About this task:
Using the records below, repeat exactly the lines from the one holding "Hypothesis le_total : total (<=%O : rel G)." through the one holding "a) = psi a.", both ends included, and no others.

Given information:
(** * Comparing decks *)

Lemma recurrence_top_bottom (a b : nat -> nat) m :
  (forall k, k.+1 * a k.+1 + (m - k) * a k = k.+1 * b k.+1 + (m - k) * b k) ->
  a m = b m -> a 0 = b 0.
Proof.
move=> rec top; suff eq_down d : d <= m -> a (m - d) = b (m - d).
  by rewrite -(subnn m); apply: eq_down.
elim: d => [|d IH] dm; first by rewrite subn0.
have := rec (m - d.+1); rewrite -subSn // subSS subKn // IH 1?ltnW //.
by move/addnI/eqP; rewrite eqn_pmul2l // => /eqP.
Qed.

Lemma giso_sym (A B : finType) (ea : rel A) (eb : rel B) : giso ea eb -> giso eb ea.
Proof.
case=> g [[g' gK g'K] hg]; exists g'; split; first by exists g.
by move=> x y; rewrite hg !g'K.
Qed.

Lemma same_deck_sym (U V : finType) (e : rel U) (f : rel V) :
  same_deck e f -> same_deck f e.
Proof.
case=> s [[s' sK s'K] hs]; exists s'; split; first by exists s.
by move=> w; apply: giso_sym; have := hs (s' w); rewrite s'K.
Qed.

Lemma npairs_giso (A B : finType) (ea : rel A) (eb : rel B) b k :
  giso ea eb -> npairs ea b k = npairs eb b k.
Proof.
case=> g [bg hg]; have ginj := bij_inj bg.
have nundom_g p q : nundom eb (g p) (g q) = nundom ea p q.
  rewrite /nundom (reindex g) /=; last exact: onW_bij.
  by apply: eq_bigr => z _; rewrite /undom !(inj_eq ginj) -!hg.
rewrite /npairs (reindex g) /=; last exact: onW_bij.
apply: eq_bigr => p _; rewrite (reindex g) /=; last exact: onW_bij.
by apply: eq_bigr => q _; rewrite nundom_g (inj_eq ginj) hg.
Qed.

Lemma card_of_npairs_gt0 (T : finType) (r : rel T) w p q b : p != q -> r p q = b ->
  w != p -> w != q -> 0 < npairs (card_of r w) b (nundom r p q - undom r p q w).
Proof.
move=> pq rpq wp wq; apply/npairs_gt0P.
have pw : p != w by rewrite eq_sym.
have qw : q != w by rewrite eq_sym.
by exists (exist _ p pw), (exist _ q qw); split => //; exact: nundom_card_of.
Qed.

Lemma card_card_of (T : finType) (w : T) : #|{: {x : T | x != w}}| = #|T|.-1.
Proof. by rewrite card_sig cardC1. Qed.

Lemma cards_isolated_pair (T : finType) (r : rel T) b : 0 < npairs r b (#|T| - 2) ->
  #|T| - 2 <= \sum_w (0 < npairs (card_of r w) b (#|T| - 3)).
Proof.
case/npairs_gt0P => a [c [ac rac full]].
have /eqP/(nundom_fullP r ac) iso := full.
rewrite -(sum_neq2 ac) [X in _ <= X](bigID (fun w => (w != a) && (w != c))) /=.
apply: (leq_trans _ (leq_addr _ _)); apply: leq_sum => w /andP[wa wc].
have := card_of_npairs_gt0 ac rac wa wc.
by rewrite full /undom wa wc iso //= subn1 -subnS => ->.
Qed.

...

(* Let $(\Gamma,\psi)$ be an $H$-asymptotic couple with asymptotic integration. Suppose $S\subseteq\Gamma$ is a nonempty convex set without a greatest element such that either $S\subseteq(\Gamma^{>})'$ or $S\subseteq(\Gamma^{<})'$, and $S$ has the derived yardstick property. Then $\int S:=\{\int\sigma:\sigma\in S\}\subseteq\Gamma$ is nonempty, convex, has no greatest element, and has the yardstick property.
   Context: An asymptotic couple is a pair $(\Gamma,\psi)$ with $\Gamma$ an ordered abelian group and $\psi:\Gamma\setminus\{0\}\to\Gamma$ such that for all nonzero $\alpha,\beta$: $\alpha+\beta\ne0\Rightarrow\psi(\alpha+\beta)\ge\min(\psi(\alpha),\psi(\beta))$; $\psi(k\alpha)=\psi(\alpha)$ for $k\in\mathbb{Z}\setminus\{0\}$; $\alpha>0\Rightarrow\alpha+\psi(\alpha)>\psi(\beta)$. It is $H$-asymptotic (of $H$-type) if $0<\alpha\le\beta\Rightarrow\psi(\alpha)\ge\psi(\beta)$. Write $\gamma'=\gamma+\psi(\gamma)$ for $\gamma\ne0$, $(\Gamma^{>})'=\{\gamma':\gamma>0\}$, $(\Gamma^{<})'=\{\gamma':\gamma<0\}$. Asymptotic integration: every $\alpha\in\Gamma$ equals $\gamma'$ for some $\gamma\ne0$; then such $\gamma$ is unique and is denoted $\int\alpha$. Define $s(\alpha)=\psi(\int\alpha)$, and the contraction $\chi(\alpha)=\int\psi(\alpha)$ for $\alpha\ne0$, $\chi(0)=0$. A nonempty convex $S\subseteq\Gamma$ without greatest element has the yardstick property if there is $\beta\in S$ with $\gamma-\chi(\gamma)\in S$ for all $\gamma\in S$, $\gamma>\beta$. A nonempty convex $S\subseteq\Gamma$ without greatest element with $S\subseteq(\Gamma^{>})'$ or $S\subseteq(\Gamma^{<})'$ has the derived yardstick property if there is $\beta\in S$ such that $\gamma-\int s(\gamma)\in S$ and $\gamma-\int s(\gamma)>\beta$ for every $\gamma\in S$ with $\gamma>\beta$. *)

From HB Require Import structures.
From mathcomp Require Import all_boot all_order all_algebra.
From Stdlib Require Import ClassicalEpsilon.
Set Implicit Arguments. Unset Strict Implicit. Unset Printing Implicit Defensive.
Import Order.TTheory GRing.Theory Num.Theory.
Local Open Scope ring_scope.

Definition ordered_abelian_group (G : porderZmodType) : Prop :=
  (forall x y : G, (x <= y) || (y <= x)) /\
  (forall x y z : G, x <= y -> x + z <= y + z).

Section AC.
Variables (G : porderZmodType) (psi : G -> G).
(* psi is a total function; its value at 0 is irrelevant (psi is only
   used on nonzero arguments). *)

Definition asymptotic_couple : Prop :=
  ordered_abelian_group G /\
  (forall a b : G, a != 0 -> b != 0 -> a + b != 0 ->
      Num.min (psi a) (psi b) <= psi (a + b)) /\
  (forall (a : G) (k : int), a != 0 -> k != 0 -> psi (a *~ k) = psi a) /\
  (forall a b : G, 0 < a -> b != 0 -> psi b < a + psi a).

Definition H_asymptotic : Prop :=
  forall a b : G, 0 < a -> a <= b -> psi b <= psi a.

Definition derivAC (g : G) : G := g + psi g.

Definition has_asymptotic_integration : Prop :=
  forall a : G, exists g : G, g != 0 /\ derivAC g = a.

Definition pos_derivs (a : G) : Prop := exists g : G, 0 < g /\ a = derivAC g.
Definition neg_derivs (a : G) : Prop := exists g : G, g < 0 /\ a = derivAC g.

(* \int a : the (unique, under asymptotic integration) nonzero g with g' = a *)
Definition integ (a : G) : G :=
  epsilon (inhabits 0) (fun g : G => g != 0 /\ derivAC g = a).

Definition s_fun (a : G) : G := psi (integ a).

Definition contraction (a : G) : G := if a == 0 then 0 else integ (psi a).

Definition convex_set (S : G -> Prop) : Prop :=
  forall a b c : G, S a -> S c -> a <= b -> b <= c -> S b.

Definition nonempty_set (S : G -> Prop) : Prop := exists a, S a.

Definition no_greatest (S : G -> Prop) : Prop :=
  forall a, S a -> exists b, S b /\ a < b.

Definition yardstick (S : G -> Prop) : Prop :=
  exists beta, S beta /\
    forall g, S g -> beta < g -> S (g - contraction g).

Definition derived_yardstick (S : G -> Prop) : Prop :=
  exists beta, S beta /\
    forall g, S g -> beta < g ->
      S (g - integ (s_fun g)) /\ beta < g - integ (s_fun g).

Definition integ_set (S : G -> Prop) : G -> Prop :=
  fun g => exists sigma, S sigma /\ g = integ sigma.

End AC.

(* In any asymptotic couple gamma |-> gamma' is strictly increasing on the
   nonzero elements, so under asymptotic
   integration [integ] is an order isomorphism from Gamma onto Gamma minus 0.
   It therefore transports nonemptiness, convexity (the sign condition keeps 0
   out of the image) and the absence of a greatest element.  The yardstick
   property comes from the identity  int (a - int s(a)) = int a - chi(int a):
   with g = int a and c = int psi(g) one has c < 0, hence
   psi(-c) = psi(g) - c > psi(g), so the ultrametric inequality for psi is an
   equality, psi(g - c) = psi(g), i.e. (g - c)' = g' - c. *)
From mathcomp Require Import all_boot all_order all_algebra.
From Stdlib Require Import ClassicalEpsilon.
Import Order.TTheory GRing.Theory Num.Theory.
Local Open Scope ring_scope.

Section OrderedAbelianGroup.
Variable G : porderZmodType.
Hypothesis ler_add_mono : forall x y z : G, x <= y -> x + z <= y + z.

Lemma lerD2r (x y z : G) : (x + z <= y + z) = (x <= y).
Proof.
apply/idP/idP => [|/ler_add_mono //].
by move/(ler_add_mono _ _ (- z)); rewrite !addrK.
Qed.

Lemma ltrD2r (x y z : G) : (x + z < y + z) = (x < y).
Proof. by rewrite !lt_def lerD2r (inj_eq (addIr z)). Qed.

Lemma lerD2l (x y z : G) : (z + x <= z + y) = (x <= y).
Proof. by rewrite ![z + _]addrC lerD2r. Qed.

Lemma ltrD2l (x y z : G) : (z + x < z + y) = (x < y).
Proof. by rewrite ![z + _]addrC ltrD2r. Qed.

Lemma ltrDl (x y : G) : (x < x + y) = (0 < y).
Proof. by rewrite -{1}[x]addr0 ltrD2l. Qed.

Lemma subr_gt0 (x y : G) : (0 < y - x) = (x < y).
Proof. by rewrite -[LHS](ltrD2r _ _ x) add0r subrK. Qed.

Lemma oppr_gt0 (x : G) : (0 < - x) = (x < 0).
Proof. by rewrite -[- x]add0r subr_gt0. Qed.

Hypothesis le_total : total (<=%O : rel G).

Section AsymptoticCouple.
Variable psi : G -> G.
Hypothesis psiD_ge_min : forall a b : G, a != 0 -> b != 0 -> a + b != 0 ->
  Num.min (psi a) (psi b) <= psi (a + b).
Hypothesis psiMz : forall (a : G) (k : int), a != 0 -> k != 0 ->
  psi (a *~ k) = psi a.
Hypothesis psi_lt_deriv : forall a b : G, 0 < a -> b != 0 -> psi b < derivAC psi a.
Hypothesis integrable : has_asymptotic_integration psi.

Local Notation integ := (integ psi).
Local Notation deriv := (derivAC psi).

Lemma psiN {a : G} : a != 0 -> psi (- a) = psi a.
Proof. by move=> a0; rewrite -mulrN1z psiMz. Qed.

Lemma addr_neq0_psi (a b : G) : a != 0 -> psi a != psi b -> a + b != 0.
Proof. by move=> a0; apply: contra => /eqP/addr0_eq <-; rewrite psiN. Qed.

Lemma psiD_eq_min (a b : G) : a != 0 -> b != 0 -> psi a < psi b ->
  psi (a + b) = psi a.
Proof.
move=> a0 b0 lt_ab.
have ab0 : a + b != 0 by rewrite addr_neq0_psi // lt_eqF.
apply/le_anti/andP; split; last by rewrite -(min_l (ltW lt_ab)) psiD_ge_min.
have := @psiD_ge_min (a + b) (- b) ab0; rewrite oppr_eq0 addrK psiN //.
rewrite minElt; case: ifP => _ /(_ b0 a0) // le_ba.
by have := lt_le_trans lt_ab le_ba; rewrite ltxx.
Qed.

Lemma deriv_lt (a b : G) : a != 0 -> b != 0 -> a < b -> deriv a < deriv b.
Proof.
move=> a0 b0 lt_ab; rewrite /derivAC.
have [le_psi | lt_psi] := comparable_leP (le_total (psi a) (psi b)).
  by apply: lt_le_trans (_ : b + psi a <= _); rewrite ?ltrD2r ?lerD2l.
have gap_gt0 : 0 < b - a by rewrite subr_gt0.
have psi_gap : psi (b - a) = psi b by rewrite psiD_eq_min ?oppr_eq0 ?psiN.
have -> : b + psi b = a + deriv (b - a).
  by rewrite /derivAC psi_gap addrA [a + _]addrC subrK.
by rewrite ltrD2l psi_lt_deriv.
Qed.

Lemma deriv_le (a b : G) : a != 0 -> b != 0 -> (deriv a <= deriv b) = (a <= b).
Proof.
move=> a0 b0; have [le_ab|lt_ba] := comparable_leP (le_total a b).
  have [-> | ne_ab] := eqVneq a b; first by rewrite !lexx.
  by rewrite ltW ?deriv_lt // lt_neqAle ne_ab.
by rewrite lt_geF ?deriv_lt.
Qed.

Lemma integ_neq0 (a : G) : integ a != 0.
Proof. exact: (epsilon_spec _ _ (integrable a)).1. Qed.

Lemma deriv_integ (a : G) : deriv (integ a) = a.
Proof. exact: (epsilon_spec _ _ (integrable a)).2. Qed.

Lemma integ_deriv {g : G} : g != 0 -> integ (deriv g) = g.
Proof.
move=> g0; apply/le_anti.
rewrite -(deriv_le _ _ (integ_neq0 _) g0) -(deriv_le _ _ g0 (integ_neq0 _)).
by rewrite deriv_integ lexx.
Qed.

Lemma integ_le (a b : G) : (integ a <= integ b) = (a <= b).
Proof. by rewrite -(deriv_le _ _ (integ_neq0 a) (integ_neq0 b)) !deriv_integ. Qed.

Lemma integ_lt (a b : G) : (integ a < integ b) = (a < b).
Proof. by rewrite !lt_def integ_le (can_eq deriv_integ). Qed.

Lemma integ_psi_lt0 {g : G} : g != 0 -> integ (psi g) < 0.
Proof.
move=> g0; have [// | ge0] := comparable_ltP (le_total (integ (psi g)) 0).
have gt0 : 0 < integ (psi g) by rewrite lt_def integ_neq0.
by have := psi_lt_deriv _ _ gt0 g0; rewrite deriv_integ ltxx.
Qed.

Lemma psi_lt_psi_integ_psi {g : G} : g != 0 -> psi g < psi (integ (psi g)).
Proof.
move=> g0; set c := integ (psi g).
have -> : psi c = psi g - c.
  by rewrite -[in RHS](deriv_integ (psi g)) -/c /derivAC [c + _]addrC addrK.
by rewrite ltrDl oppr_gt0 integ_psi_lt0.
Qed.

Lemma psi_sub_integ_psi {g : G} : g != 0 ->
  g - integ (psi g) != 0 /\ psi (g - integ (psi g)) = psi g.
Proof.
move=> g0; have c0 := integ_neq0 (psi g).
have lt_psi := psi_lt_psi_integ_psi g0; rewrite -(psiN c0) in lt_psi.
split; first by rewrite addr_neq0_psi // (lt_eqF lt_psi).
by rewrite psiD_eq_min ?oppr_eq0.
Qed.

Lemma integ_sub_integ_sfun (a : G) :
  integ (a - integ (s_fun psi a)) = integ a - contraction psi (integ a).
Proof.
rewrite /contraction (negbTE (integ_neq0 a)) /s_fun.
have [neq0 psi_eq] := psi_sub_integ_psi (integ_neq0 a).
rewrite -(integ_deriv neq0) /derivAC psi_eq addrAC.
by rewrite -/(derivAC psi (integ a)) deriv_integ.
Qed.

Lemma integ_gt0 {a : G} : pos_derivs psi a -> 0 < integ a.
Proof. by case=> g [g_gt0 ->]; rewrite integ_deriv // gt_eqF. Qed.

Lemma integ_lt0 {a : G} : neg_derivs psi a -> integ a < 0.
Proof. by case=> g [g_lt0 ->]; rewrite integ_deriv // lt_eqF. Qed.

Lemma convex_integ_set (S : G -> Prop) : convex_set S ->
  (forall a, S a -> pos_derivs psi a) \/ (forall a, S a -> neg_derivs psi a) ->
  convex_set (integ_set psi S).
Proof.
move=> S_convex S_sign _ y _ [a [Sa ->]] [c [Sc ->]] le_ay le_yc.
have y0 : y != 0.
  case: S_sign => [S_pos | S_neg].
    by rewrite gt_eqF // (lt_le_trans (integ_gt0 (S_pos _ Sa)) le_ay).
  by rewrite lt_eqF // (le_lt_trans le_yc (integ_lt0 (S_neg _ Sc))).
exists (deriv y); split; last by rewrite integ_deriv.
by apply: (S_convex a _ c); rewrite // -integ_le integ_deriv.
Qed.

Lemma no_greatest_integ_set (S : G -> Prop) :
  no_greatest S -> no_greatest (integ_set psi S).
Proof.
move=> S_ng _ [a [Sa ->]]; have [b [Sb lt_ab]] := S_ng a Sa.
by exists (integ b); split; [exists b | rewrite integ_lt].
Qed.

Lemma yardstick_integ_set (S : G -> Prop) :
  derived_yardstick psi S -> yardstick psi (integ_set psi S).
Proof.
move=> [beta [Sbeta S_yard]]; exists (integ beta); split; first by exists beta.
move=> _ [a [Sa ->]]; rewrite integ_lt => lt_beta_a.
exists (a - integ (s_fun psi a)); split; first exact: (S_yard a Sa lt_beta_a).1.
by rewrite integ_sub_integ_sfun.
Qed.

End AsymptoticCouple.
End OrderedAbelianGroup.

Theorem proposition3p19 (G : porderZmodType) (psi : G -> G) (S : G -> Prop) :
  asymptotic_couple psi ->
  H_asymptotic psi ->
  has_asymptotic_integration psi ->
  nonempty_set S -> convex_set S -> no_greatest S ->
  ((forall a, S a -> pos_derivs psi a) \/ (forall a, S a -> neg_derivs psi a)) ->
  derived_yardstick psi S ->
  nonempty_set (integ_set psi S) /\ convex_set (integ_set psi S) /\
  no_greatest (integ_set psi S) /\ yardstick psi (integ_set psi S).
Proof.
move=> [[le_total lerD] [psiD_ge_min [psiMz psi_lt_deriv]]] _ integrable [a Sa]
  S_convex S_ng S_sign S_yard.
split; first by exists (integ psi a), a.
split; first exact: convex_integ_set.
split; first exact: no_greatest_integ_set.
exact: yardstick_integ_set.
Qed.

* * *

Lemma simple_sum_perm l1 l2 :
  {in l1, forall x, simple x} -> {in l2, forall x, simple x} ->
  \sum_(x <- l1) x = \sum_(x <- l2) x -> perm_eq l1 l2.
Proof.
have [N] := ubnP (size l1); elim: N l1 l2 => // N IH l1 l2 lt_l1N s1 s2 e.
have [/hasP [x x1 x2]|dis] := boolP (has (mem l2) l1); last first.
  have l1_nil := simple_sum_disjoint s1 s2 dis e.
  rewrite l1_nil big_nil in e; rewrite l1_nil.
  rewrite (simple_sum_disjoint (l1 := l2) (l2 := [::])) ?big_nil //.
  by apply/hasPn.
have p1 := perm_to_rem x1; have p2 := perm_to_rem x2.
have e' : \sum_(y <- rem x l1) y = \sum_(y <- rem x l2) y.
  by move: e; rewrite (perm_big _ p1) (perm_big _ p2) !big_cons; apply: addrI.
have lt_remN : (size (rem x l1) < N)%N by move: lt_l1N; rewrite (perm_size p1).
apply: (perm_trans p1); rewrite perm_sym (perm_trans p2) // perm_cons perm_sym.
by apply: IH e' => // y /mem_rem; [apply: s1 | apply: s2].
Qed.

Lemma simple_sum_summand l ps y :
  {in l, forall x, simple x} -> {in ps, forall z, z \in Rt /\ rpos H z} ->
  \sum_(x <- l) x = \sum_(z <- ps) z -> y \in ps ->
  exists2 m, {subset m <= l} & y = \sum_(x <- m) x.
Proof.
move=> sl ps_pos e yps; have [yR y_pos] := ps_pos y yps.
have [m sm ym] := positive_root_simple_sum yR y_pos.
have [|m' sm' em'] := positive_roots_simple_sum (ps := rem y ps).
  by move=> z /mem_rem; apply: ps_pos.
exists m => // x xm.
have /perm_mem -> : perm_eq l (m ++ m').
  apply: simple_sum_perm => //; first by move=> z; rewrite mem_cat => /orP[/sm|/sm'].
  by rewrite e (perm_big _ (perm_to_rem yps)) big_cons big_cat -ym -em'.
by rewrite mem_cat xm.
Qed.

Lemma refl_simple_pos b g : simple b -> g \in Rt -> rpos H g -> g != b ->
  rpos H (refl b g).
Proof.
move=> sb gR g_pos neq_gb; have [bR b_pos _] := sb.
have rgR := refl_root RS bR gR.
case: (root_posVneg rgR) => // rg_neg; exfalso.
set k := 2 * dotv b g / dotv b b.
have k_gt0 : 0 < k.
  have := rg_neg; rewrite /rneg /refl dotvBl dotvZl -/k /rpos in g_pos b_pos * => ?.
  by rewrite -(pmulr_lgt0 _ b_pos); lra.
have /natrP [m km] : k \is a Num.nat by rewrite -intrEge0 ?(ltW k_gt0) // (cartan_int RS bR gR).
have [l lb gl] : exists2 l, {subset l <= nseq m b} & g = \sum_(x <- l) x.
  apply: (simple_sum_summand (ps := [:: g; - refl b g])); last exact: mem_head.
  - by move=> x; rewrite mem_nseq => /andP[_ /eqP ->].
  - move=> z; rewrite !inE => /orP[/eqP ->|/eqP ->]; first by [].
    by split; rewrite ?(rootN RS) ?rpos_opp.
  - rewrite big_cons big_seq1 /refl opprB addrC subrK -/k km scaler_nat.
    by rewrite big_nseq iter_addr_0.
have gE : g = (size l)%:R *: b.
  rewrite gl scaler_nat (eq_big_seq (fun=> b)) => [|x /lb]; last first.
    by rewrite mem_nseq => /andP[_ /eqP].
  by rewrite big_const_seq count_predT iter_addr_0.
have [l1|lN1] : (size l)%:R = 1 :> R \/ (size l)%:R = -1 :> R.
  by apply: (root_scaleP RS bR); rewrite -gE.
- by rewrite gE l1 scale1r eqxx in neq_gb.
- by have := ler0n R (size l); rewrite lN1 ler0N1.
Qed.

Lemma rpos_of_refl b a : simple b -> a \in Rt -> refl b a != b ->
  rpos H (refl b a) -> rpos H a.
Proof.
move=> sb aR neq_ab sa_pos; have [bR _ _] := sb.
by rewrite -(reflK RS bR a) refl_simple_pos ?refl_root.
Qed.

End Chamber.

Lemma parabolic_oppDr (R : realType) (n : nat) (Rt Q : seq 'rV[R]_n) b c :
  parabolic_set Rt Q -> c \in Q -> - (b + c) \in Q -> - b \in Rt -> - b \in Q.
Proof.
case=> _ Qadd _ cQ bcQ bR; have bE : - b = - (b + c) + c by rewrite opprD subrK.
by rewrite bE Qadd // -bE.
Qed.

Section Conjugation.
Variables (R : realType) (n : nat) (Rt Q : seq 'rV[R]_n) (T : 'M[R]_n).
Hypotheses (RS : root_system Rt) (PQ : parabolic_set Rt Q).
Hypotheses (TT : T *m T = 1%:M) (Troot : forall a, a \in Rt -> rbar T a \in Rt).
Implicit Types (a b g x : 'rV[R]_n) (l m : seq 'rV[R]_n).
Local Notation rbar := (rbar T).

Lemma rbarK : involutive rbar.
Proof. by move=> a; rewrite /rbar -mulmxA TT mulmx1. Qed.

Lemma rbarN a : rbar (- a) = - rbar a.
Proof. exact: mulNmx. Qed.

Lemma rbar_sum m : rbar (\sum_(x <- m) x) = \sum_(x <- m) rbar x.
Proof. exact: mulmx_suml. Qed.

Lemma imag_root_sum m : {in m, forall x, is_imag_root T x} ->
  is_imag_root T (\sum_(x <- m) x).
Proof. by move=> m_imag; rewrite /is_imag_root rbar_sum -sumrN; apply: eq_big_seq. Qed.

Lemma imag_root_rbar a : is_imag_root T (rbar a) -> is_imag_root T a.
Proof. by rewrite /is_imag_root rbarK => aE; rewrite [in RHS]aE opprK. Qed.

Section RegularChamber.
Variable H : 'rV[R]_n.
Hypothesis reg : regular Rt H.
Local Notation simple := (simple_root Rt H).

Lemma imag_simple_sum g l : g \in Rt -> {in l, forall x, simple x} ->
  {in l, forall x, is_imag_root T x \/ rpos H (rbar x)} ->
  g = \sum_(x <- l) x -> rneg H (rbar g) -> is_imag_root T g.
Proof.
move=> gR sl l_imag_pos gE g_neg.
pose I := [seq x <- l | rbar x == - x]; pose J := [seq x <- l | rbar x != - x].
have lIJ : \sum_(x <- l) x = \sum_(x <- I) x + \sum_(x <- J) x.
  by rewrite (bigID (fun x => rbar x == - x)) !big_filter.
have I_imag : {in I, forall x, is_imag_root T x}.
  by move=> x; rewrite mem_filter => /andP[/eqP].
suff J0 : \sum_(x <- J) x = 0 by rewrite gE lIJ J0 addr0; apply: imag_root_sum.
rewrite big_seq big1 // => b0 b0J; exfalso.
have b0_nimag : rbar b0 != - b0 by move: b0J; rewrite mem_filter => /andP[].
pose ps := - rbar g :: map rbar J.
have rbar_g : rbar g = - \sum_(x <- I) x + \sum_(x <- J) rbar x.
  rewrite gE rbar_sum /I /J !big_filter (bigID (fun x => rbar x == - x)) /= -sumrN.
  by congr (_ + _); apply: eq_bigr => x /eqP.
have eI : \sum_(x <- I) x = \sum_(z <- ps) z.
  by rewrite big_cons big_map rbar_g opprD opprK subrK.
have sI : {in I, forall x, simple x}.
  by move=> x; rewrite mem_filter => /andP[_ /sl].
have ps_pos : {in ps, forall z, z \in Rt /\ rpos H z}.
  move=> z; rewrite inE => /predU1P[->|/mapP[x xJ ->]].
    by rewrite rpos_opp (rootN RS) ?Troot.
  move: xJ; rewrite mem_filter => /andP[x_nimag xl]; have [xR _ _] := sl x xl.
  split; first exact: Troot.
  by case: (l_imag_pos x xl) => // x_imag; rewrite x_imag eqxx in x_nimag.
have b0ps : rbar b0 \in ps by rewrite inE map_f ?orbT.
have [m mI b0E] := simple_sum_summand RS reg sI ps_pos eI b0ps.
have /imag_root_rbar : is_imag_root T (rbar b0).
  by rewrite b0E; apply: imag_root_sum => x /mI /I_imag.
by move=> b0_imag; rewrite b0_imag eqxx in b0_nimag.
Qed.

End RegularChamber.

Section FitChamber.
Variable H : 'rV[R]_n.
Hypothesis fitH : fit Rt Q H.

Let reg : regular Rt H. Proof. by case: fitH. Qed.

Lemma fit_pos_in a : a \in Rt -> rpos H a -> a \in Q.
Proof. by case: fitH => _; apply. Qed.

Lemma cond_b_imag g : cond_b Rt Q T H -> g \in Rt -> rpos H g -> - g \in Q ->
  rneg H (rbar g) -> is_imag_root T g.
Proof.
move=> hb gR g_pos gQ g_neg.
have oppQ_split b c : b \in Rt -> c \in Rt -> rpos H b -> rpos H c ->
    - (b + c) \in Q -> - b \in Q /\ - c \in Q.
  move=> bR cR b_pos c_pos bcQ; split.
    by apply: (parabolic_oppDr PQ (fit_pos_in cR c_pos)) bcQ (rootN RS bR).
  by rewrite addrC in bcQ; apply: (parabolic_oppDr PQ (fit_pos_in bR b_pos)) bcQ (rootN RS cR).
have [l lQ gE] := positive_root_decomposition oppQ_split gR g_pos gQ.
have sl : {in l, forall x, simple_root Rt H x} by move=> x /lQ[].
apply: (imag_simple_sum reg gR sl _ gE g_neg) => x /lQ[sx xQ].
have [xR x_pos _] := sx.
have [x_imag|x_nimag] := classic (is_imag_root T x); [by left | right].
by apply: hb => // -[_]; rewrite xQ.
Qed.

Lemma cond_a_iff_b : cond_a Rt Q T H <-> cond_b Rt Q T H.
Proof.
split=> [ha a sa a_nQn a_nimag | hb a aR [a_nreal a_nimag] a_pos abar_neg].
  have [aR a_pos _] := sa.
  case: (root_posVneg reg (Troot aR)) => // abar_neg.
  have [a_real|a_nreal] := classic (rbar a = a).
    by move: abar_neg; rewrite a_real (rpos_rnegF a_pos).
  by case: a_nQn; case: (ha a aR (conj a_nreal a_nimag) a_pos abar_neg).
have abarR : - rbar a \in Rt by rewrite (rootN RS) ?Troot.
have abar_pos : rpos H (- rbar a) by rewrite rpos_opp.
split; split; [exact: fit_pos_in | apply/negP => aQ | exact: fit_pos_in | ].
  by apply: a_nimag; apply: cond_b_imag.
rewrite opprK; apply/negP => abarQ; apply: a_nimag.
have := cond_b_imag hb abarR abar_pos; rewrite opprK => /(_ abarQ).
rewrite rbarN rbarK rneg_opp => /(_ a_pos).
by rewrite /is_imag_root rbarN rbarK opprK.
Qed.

Written solution:
Hypothesis le_total : total (<=%O : rel G).

Section AsymptoticCouple.
Variable psi : G -> G.
Hypothesis psiD_ge_min : forall a b : G, a != 0 -> b != 0 -> a + b != 0 ->
  Num.min (psi a) (psi b) <= psi (a + b).
Hypothesis psiMz : forall (a : G) (k : int), a != 0 -> k != 0 ->
  psi (a *~ k) = psi a.
Hypothesis psi_lt_deriv : forall a b : G, 0 < a -> b != 0 -> psi b < derivAC psi a.
Hypothesis integrable : has_asymptotic_integration psi.

Local Notation integ := (integ psi).
Local Notation deriv := (derivAC psi).

Lemma psiN {a : G} : a != 0 -> psi (- a) = psi a.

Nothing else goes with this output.